Das Wichtigste in Kürze
- Den Versicherer zu wechseln bedeutet nicht, das Auto abzumelden. Das Fahrzeug bleibt zugelassen, nur der Vertrag ändert sich.
- Sie kündigen den alten Vertrag, schließen einen neuen ab und müssen dafür nicht zur Zulassungsstelle.
- Das Kennzeichen bleibt gleich, die Schadenfreiheitsklasse wandert mit.
- Abmelden müssen Sie nur, wenn Sie das Auto verkaufen, stilllegen oder den Halter wechseln.
Grundlagen, Fristen und alle Spartipps finden Sie im großen Ratgeber Kfz-Versicherung wechseln – auf dieser Seite geht es speziell um den Wechsel ohne Abmelden.
Viele glauben, sie müssten ihr Auto abmelden, um die Versicherung zu wechseln. Das stimmt nicht. Versichererwechsel und Abmeldung sind zwei völlig verschiedene Vorgänge. Wer nur einen günstigeren Tarif sucht, lässt das Fahrzeug einfach angemeldet und tauscht im Hintergrund den Vertrag.

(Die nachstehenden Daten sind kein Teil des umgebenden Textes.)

Lemma chain_label_behead x c u mu : is_word (c :: u) ->
  length_is (wprod (c :: u)) (size u).+1 ->
  chain_label Phi t x (c :: u) (rcons mu 1%N) ->
  chain_label Phi t x u [seq j.-1 | j <- mu].
Proof.
move=> cuW Lcu chain; have /andP[cS uW] := cuW.
have mu_size : (size mu <= size u)%N by have := chain_label_size chain; rewrite size_rcons.
case: (chain) => uniq_mu1 /allP range_mu1 cover x_eq.
have /andP[mu1 uniq_mu] : (1%N \notin mu) && uniq mu by rewrite -rcons_uniq.
have range_mu j : j \in mu -> (1 < j <= (size u).+1)%N.
  move=> jmu; have j1 : j != 1%N by apply: contraNneq mu1 => <-.
  by have := range_mu1 j; rewrite mem_rcons inE jmu orbT => /(_ isT) /=; lia.
set mu' := [seq j.-1 | j <- mu].
have range_mu' : all (fun j => 1 <= j <= size u)%N mu'.
  by apply/allP => _ /mapP[j /range_mu jr ->]; lia.
have uniq_mu' : uniq mu'.
  by rewrite map_inj_in_uniq // => i j /range_mu ir /range_mu jr; lia.
have del_take k : (k <= size mu)%N ->
    del_set (take k (rcons mu 1%N)) (c :: u) = c :: del_set (take k mu') u.
  move=> k_le; rewrite -cats1 takel_cat // del_set_cons ifN ?map_take //.
  by apply: contra mu1 => /mem_take.
have L_take k : (k <= size mu)%N -> length_is (wprod (del_set (take k mu') u)) (size u - k).
  move=> k_le; have size_k : size (del_set (take k mu') u) = (size u - k)%N.
    rewrite size_del_set ?take_uniq ?size_takel ?size_map //.
    by apply/allP => j /mem_take /(allP range_mu').
  rewrite -size_k; apply: (length_behead (c := c)); first by rewrite /= cS word_del.
  rewrite size_k -del_take // -subSn ?(leq_trans k_le) //.
  by apply: chain_label_length Lcu chain _; rewrite size_rcons leqW.
split => //.
- move=> k /andP[k0 k_le]; rewrite size_map in k_le.
  have k1_le : (k.-1 <= size mu)%N := leq_trans (leq_pred k) k_le.
  have Lk1 := L_take _ k1_le; rewrite (_ : size u - k.-1 = (size u - k).+1)%N in Lk1; last lia.
  apply: (covered_mull_refl (simple_root cS) (L_take _ k_le) Lk1).
  have := cover k; rewrite size_rcons k0 (leqW k_le) => /(_ isT).
  by rewrite !del_take.
- by rewrite -(del_set_rcons1 _ c).
Qed.

End RootSystem.
Lemma stage_not_Der n : ~ Der (stage n) phi.
Proof.
  induction n as [|n IHn]; [exact G_phi|]. intros D.
  destruct (classic (exists psi, code psi = n /\ ~ Der (extend (stage n) psi) phi))
    as [[psi [Hc Hpsi]]|Hno].
  - apply Hpsi. eapply Der_mono; [|exact D].
    intros x [Hx|[Hx _]]; [left; exact Hx|right]. apply code_inj; congruence.
  - apply IHn. eapply Der_mono; [|exact D].
    intros x [Hx|[Hx Hd]]; [exact Hx|]. exfalso; apply Hno; eauto.
Qed.

Lemma stage_union_not_Der : ~ Der stage_union phi.
Proof.
  intros D. destruct (Der_stage_union _ D) as [n Hn]. exact (stage_not_Der n Hn).
Qed.

Lemma stage_union_maximal psi :
  ~ stage_union psi -> Der (extend stage_union psi) phi.
Proof.
  intros Hpsi.
  destruct (classic (Der (extend (stage (code psi)) psi) phi)) as [D|D].
  - eapply Der_mono; [|exact D].
    intros x [Hx|Hx]; [left; exists (code psi)|right]; assumption.
  - exfalso. apply Hpsi. exists (S (code psi)). right; split; [reflexivity|exact D].
Qed.

Lemma stage_union_prime : prime_theory stage_union.
Proof.
  assert (Avoid : forall a, ~ stage_union a -> Der stage_union (Imp a phi))
    by (intros a Ha; apply Der_deduction, stage_union_maximal, Ha).
  split.
  - intros f D. apply NNPP; intros Hf.
    exact (stage_union_not_Der (Der_cut _ _ _ D (stage_union_maximal f Hf))).
  - intros a b Hab. apply NNPP; intros Hn. apply stage_union_not_Der.
    eapply D_mp; [|apply D_hyp; exact Hab].
    eapply D_mp; [|apply (Avoid b); tauto].
    eapply D_mp; [|apply (Avoid a); tauto].
    apply D_ax, L_ipc, ax_O3.
  - intros HBot. apply stage_union_not_Der.
    eapply D_mp; [apply D_ax, L_ipc, ax_EFQ|apply D_hyp, HBot].
Qed.

Lemma lindenbaum :
  exists T, prime_theory T /\ (forall x, G x -> T x) /\ ~ T phi.
Proof.
  exists stage_union. split; [exact stage_union_prime|split].
  - intros x Hx; exists 0; exact Hx.
  - intros Hphi. apply stage_union_not_Der, D_hyp, Hphi.
Qed.

End Lindenbaum.

Lemma Der_of_prime_theories G phi :
  (forall T, prime_theory T -> (forall x, G x -> T x) -> T phi) -> Der G phi.
Proof.
  intros H. apply NNPP; intros Hn.
  destruct (lindenbaum G phi Hn) as [T [HT [GT Hphi]]].
  exact (Hphi (H T HT GT)).
Qed.

End Superintuitionistic.

Lemma ICK_and_intro a b : ICK a -> ICK b -> ICK (And a b).
Proof.
  intros Ha Hb. eapply ICK_mp; [eapply ICK_mp|]; [apply ICK_ipc, ax_A3|exact Ha|exact Hb].
Qed.

Lemma ICK_Iff_l a b : ICK (Iff a b) -> ICK (Imp a b).
Proof. intros H. eapply ICK_mp; [apply ICK_ipc, ax_A1|exact H]. Qed.

Lemma ICK_Iff_r a b : ICK (Iff a b) -> ICK (Imp b a).
Proof. intros H. eapply ICK_mp; [apply ICK_ipc, ax_A2|exact H]. Qed.

Lemma ICK_Imp_of_Der a b : Der ICK (extend no_hyps a) b -> ICK (Imp a b).
Proof. intros D. apply (Der_no_hyps ICK ICK_mp), (Der_deduction ICK ICK_ipc), D. Qed.

Lemma ICK_CM_inst a c d :
  ICK (Iff (Cond a (And c d)) (And (Cond a c) (Cond a d))).
Proof.
  exact (ICK_subst (fun n => match n with 0 => a | 1 => c | _ => d end) _ ICK_CM).
Qed.

Lemma ICK_Cond_top a : ICK (Cond a Top).
Proof.
  pose proof (ICK_subst (fun _ => a) _ ICK_CN) as H; simpl in H.
  eapply ICK_mp; [apply (ICK_Iff_r _ _ H)|].
  apply ICK_Imp_of_Der, D_hyp; right; reflexivity.
Qed.

Lemma ICK_consistent : ~ ICK Bot.
Proof.
  intros H.
  set (F := {| cw := unit; cle := fun _ _ => True; cR := fun _ _ _ => False;
               cw_inhabited := inhabits tt;
               cle_refl := fun _ => I;
               cle_trans := fun _ _ _ _ _ => I;
               cR_ext := fun a b _ x y => conj (fun h => h) (fun h => h);
               cR_comp := fun a _ x y z _ (h : False) => match h with end |}).
  exact (ICK_sound Bot H F (fun _ _ => True) (fun _ _ _ _ _ => I) tt).
Qed.

Section ConditionalTheory.
Variable T : form -> Prop.
Hypothesis HT : prime_theory ICK T.

Lemma theory_Cond_mono a c d : ICK (Imp c d) -> T (Cond a c) -> T (Cond a d).
Proof.
  intros Hcd Hc.
  assert (E : ICK (Iff c (And c d))).
  { apply ICK_and_intro; [|apply ICK_ipc, ax_A1].
    apply ICK_Imp_of_Der. eapply D_mp; [eapply D_mp|].
    - apply D_ax, ICK_ipc, ax_A3.
    - apply D_hyp; right; reflexivity.
    - eapply D_mp; [apply D_ax, Hcd|apply D_hyp; right; reflexivity]. }
  apply (ICK_congR _ _ a), ICK_Iff_l in E.
  apply (theory_L_mp ICK T HT _ _ E) in Hc.
  apply (theory_L_mp ICK T HT _ _ (ICK_Iff_l _ _ (ICK_CM_inst a c d))) in Hc.
  exact (proj2 (proj1 (theory_And ICK ICK_ipc T HT _ _) Hc)).
Qed.

Lemma theory_Cond_and a c d :
  T (Cond a c) -> T (Cond a d) -> T (Cond a (And c d)).
Proof.
  intros Hc Hd. eapply (theory_L_mp ICK T HT).
  - apply ICK_Iff_r, ICK_CM_inst.
  - apply (theory_And ICK ICK_ipc T HT); split; assumption.
Qed.

Lemma cond_section_closed a b : Der ICK (fun q => T (Cond a q)) b -> T (Cond a b).
Proof.
  intros D; induction D as [f Hf|f Hf|c d _ IHcd _ IHc]; [|exact Hf|].
  - eapply theory_Cond_mono; [|apply (theory_L ICK T HT), ICK_Cond_top].
    apply ICK_Imp_of_Der, D_ax, Hf.
  - eapply theory_Cond_mono; [|exact (theory_Cond_and _ _ _ IHcd IHc)].
    apply ICK_Imp_of_Der. eapply D_mp.
    + eapply D_mp; [apply D_ax, ICK_ipc, ax_A1|apply D_hyp; right; reflexivity].
    + eapply D_mp; [apply D_ax, ICK_ipc, ax_A2|apply D_hyp; right; reflexivity].
Qed.

End ConditionalTheory.

Record world := { wset :> form -> Prop; wprime : prime_theory ICK wset }.

Definition wle (s t : world) : Prop := forall f, s f -> t f.

Definition wR (A : world -> Prop) (s t : world) : Prop :=
  exists p, (forall u, A u <-> u p) /\ forall q, s (Cond p q) -> t q.

Lemma Der_of_worlds G b : (forall t : world, (forall x, G x -> t x) -> t b) -> Der ICK G b.
Proof.
  intros H. apply (Der_of_prime_theories ICK ICK_ipc).
  intros T HT GT. exact (H (Build_world T HT) GT).
Qed.

Lemma ICK_Imp_of_worlds a b : (forall t : world, t a -> t b) -> ICK (Imp a b).
Proof.
  intros H. apply ICK_Imp_of_Der, Der_of_worlds.
  intros t Ht. apply H, Ht. right; reflexivity.
Qed.

Lemma world_inhabited : inhabited world.
Proof.
  apply NNPP; intros Hn. apply ICK_consistent.
  apply (Der_no_hyps ICK ICK_mp), Der_of_worlds.
  intros t _. exfalso; exact (Hn (inhabits t)).
Qed.
Lemma poisson_part_bounds (I0 J : interval) v x K :
  top_word I0 v -> in_E N x -> in_ival J x ->
  0 <= poisson_part N K J I0 <= max_bound v.
Proof.
  intros Htop HE HJ. unfold poisson_part, max_bound.
  assert (HD : forall w, q ^ length w / 4 <= len J + dist_int (center N w) J
                         /\ len J <= len J + dist_int (center N w) J).
  { intros w. pose proof (dist_int_bounds J (center N w) x HJ).
    pose proof (center_far_from_E x w HE). lra. }
  assert (HDpos : forall w, 0 < len J + dist_int (center N w) J).
  { intros w. pose proof (HD w). pose proof (q_pow_pos (length w)). lra. }
  split.
  - apply lsum_nonneg; intros k _; apply lsum_nonneg; intros w _.
    apply Rmult_le_pos; [apply Rmult_le_pos; [apply sweight_nonneg | apply ind_bounds]|].
    apply Rle_mult_inv_pos; [apply (len_nonneg J x HJ) | apply pow_lt, HDpos].
  - apply Rle_trans with (lsum (fun k => 4 * subtree_density v k) (seq 0 (S K))).
    + apply lsum_le. intros k _. unfold subtree_density. rewrite <- lsum_scal. apply lsum_le.
      intros w Hw. apply words_length in Hw as <-.
      pose proof (subtree_density_term_nonneg v (length w) w).
      destruct (classic (in_ival I0 (center N w))) as [HI0|Hout].
      * rewrite ind_true by exact HI0.
        rewrite (ind_true (prefix v w)) by (eapply top_word_prefix; eauto).
        pose proof (q_pow_pos (length w)).
        assert (Hker : len J / (len J + dist_int (center N w) J) ^ 2 <= / (q ^ length w / 4)).
        { pose proof (HD w). pose proof (len_nonneg J x HJ). apply poisson_kernel_le; lra. }
        rewrite sweight_eq, Rmult_1_r. unfold density in *.
        replace (4 * (q ^ length w / omega_hat N w * 1))
          with (q ^ length w * (q ^ length w / omega_hat N w) * / (q ^ length w / 4))
          by (field; split; [apply Rgt_not_eq, omega_hat_pos | lra]).
        apply Rmult_le_compat_l; [|exact Hker].
        apply Rmult_le_pos; [lra | apply (density_nonneg w)].
      * rewrite ind_false by exact Hout. rewrite Rmult_0_r, Rmult_0_l. lra.
    + rewrite lsum_scal. pose proof (sum_subtree_density_le v K). lra.
Qed.

Lemma sigma_le_nonneg (A : R -> Prop) s : sigma_le N A s -> 0 <= s.
Proof.
  intros H. eapply Rle_trans; [|apply (H 0%nat)].
  apply lsum_nonneg; intros; apply lsum_nonneg; intros.
  apply Rmult_le_pos; [apply sweight_nonneg | apply ind_bounds].
Qed.

Lemma sweight_le_of_sigma_le (A : R -> Prop) s v :
  sigma_le N A s -> A (center N v) -> sweight N v <= s.
Proof.
  intros H Hv. eapply Rle_trans; [|apply (H (length v))]. unfold sigma_part.
  assert (Hterm : forall w, 0 <= sweight N w * ind (A (center N w)))
    by (intros; apply Rmult_le_pos; [apply sweight_nonneg | apply ind_bounds]).
  eapply Rle_trans; [|apply (lsum_ge_term _ _ (length v))].
  - eapply Rle_trans; [|apply (lsum_ge_term _ _ v)].
    + cbv beta. rewrite ind_true by exact Hv. lra.
    + apply in_words_length.
    + intros; apply Hterm.
  - apply in_seq. lia.
  - intros; apply lsum_nonneg; intros; apply Hterm.
Qed.

Lemma max_bound_subtree_le (Q : interval) v s k :
  top_word Q v -> sigma_le N (in_ival Q) s ->
  max_bound v ^ 2 * lsum (fun w => omega_hat N w * ind (prefix v w)) (words k) <= 30 * s.
Proof.
  intros [Hv _] Hs.
  pose proof (sweight_le_of_sigma_le _ _ v Hs Hv). pose proof (omega_subtree_le v k).
  pose proof (omega_hat_pos v). pose proof (sweight_nonneg v).
  assert (Hsq : max_bound v ^ 2 * omega_hat N v = 3600 / 121 * sweight N v).
  { rewrite sweight_eq. unfold max_bound, density. field. lra. }
  assert (0 <= max_bound v ^ 2) by apply pow2_ge_0. nra.
Qed.
(* In the setting below, let $g_P,g_P^l,g_P^u$ be as defined there with prediction windows $D_n$, and let $g_0,g_0^l,g_0^u$ denote the same functions with every $D_n$ replaced by $0$. Let $\phi_P^*=\min_{\lambda\ge0}g_P(\lambda)$, $\phi_0^*=\min_{\lambda\ge0}g_0(\lambda)$, let $\lambda_0^*$ be a minimizer of $g_0^l$ and $\lambda_P^*$ a minimizer of $g_P^l$ over $\lambda\ge0$. Then $$g_P^l(\lambda_P^* )-g_0^u(\lambda_P^* )\le\phi_P^*-\phi_0^*\le g_P^u(\lambda_0^* )-g_0^l(\lambda_0^* ).$$
   Context: $N$ users; $B>0$. User $n$ has arrival rate $a_n\ge0$, a probability vector $\boldsymbol\eta_n$ on its channel states, $\beta_n\ge0$, integers $\tau_n\ge1$, $D_n\ge0$, a Markov channel on $\{1,\dots,K_n\}$ with transition matrix $(P_n^{i,j})$, a finite set $\mathcal E\subset[0,\infty)$ containing $0$ and a positive element, and $\zeta_n(i,\cdot):\mathcal E\to[0,1]$ with $\zeta_n(i,0)=0$, $\zeta_n(i,e)>0$ for $e>0$, strictly increasing; states are totally ordered by $\zeta_n$ (for all $i,j$ either $\zeta_n(i,e)\ge\zeta_n(j,e)\ \forall e$ or $\le\ \forall e$), with $i_n^{\max}$, $i_n^{\min}$ states of maximal and minimal $\zeta_n(\cdot,e)$ for all $e$. For $\lambda\ge0$: $V_n(0,0,i)=0$, $V_n(0,\tau,i)=\max_{e\in\mathcal E}\{-\lambda e+\zeta_n(i,e)\beta_n+(1-\zeta_n(i,e))\sum_jP_n^{i,j}V_n(0,\tau-1,j)\}$ for $1\le\tau\le\tau_n+D_n$; $V_n^l(0)=0$, $V_n^l(\tau)=\max_{e\in\mathcal E,e>0}\frac{1-[1-\zeta_n(i_n^{\min},e)]^{\tau}}{\zeta_n(i_n^{\min},e)}[-\lambda e+\zeta_n(i_n^{\min},e)\beta_n]$; $V_n^u(0)=0$, $V_n^u(\tau)=\sum_{z=1}^{\tau}\max_{e\in\mathcal E}\{-\lambda e+\zeta_n(i_n^{\max},e)(\beta_n-\max\{0,V_n^l(z-1)\})\}$ (all depending on $\lambda$). Then $g_P(\lambda)=\lambda B+\sum_n a_n\sum_i\eta_n^iV_n(0,\tau_n+D_n,i)$, $g_P^u(\lambda)=\lambda B+\sum_n a_n\min\{\beta_n,V_n^u(\tau_n+D_n)\}$, $g_P^l(\lambda)=\lambda B+\sum_n a_n\max\{0,V_n^l(\tau_n+D_n)\}$. $g_P$ ($g_0$) is the Lagrange dual function with perfect prediction (no prediction), and $\phi_P^*$ ($\phi_0^*$) the optimal weighted timely-throughput. *)

From Stdlib Require Import Reals List.
Import ListNotations.
Open Scope R_scope.

Fixpoint sumR (n : nat) (f : nat -> R) : R :=
  match n with
  | O => 0
  | S m => sumR m f + f m
  end.

(* maximum of f over a (finite, nonempty) list; 0 on the empty list (never used) *)
Definition maxl (f : R -> R) (l : list R) : R :=
  match l with
  | nil => 0
  | e :: l' => fold_right (fun x acc => Rmax (f x) acc) (f e) l'
  end.

(* The data of the system. Users are indexed by n < N, channel states of
   user n by i < K n (states 0..K n - 1, i.e. {1..K_n} shifted). *)
Record System := {
  N : nat;
  B : R;
  a : nat -> R;
  eta : nat -> nat -> R;
  beta : nat -> R;
  tau : nat -> nat;
  K : nat -> nat;
  P : nat -> nat -> nat -> R;
  E : list R;
  zeta : nat -> nat -> R -> R;
  imax : nat -> nat;
  imin : nat -> nat
}.

Definition wf (S : System) : Prop :=
  0 < B S /\
  (forall e, In e (E S) -> 0 <= e) /\ In 0 (E S) /\ (exists e, In e (E S) /\ 0 < e) /\
  forall n, (n < N S)%nat ->
    0 <= a S n /\ 0 <= beta S n /\ (1 <= tau S n)%nat /\ (1 <= K S n)%nat /\
    (forall i, (i < K S n)%nat -> 0 <= eta S n i) /\
    sumR (K S n) (eta S n) = 1 /\
    (forall i j, (i < K S n)%nat -> (j < K S n)%nat -> 0 <= P S n i j) /\
    (forall i, (i < K S n)%nat -> sumR (K S n) (P S n i) = 1) /\
    (forall i, (i < K S n)%nat ->
       zeta S n i 0 = 0 /\
       (forall e, In e (E S) -> 0 <= zeta S n i e <= 1) /\
       (forall e, In e (E S) -> 0 < e -> 0 < zeta S n i e) /\
       (forall e1 e2, In e1 (E S) -> In e2 (E S) -> e1 < e2 ->
          zeta S n i e1 < zeta S n i e2)) /\
    (forall i j, (i < K S n)%nat -> (j < K S n)%nat ->
       (forall e, In e (E S) -> zeta S n i e >= zeta S n j e) \/
       (forall e, In e (E S) -> zeta S n i e <= zeta S n j e)) /\
    (imax S n < K S n)%nat /\ (imin S n < K S n)%nat /\
    (forall i e, (i < K S n)%nat -> In e (E S) ->
       zeta S n (imin S n) e <= zeta S n i e /\ zeta S n i e <= zeta S n (imax S n) e).

Fixpoint V (S : System) (n : nat) (lam : R) (t : nat) (i : nat) : R :=
  match t with
  | O => 0
  | Datatypes.S t' =>
      maxl (fun e => - lam * e + zeta S n i e * beta S n
                     + (1 - zeta S n i e) *
                         sumR (K S n) (fun j => P S n i j * V S n lam t' j))
           (E S)
  end.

Versichererwechsel und Abmeldung sind nicht dasselbe
Die Abmeldung beendet die Zulassung eines Fahrzeugs, etwa beim Verkauf oder bei einer längeren Standzeit. Der Versichererwechsel tauscht lediglich den Vertrag aus, das Auto bleibt zugelassen und fahrbereit. Für den reinen Wechsel des Anbieters müssen Sie also weder zur Zulassungsstelle noch das Kennzeichen ändern.
So läuft der Wechsel ohne Abmeldung
Der Vorgang ist denkbar einfach und spielt sich allein zwischen Ihnen und den Versicherern ab:
- Neuen Tarif abschließen
Suchen Sie einen günstigeren Tarif und schließen ihn ab. Sie erhalten eine eVB, die hier aber meist nur intern gebraucht wird.
- Alten Vertrag kündigen
Kündigen Sie fristgerecht zum 30. November oder über ein Sonderkündigungsrecht.
- Übernahme abwarten
Der neue Versicherer übernimmt zum Stichtag. Kennzeichen und Zulassung bleiben unverändert.
Wann Sie das Auto doch abmelden müssen
Eine echte Abmeldung ist nur in bestimmten Fällen nötig: beim Verkauf des Fahrzeugs, bei der vorübergehenden Stilllegung oder wenn der Halter wechselt. In diesen Fällen endet oder verändert sich auch der Versicherungsvertrag. Verkaufen Sie das Auto, geht die Versicherung zunächst auf den Käufer über, der sie dann kündigen oder fortführen kann.
Einfach den Versicherer wechseln
Kein Behördengang, kein neues Kennzeichen: Vergleichen Sie die Tarife und wechseln Sie den Anbieter ganz ohne Abmeldung.
Was Sie beim Wechsel beachten sollten
Wichtig ist vor allem ein lückenloser Übergang. Der neue Vertrag sollte genau dann beginnen, wenn der alte endet. Geben Sie beim Abschluss Ihre Schadenfreiheitsklasse und den Vorversicherer an, damit Ihr Rabatt korrekt übernommen wird. Das Kennzeichen behalten Sie, ein Wechsel ist nicht nötig und würde nur unnötige Kosten verursachen.
Abmelden kostet nur unnötig Zeit und Geld
Wer zum Versichererwechsel das Auto abmeldet, macht sich grundlos Arbeit und riskiert eine Versicherungslücke. Lassen Sie das Fahrzeug angemeldet und tauschen Sie einfach den Vertrag. Den Rest regeln die Versicherer untereinander, Sie behalten Kennzeichen und Rabatt.